Required action ▸
List every line below containing "Definition".

**** Material for this exercise ****

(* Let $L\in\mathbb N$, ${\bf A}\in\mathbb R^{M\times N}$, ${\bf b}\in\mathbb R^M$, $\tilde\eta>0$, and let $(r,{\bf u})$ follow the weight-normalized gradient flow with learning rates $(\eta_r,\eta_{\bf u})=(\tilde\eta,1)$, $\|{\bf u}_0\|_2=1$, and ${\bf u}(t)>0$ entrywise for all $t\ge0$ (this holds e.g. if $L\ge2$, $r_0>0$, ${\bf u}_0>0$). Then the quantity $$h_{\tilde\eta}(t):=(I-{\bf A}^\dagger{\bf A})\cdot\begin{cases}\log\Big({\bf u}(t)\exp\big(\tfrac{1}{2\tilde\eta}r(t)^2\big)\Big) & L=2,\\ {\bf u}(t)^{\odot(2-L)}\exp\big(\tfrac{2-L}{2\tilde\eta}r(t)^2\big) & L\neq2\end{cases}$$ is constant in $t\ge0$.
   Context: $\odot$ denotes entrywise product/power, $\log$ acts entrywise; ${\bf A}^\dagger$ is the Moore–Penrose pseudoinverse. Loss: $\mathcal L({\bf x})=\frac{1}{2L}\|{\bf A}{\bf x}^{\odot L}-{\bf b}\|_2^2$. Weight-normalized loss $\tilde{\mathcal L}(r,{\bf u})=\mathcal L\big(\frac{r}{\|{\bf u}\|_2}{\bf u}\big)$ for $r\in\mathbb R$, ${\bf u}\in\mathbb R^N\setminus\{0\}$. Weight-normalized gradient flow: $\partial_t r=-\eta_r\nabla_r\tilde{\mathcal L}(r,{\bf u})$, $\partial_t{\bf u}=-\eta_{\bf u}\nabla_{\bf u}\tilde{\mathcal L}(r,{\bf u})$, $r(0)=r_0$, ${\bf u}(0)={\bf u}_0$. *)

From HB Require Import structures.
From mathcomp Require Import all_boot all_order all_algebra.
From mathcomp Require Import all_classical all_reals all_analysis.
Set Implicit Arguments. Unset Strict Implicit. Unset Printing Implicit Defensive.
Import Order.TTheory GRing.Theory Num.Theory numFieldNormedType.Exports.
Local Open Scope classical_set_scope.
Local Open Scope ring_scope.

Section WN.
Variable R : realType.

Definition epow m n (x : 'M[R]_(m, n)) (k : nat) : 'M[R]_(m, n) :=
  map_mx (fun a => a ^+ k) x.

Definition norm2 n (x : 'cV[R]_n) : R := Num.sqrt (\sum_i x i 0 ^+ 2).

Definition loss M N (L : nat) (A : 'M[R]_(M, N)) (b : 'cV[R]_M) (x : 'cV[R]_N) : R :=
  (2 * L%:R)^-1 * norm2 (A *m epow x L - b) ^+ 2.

****

Task response ▸
Definition epow m n (x : 'M[R]_(m, n)) (k : nat) : 'M[R]_(m, n) :=
Definition norm2 n (x : 'cV[R]_n) : R := Num.sqrt (\sum_i x i 0 ^+ 2).
Definition loss M N (L : nat) (A : 'M[R]_(M, N)) (b : 'cV[R]_M) (x : 'cV[R]_N) : R :=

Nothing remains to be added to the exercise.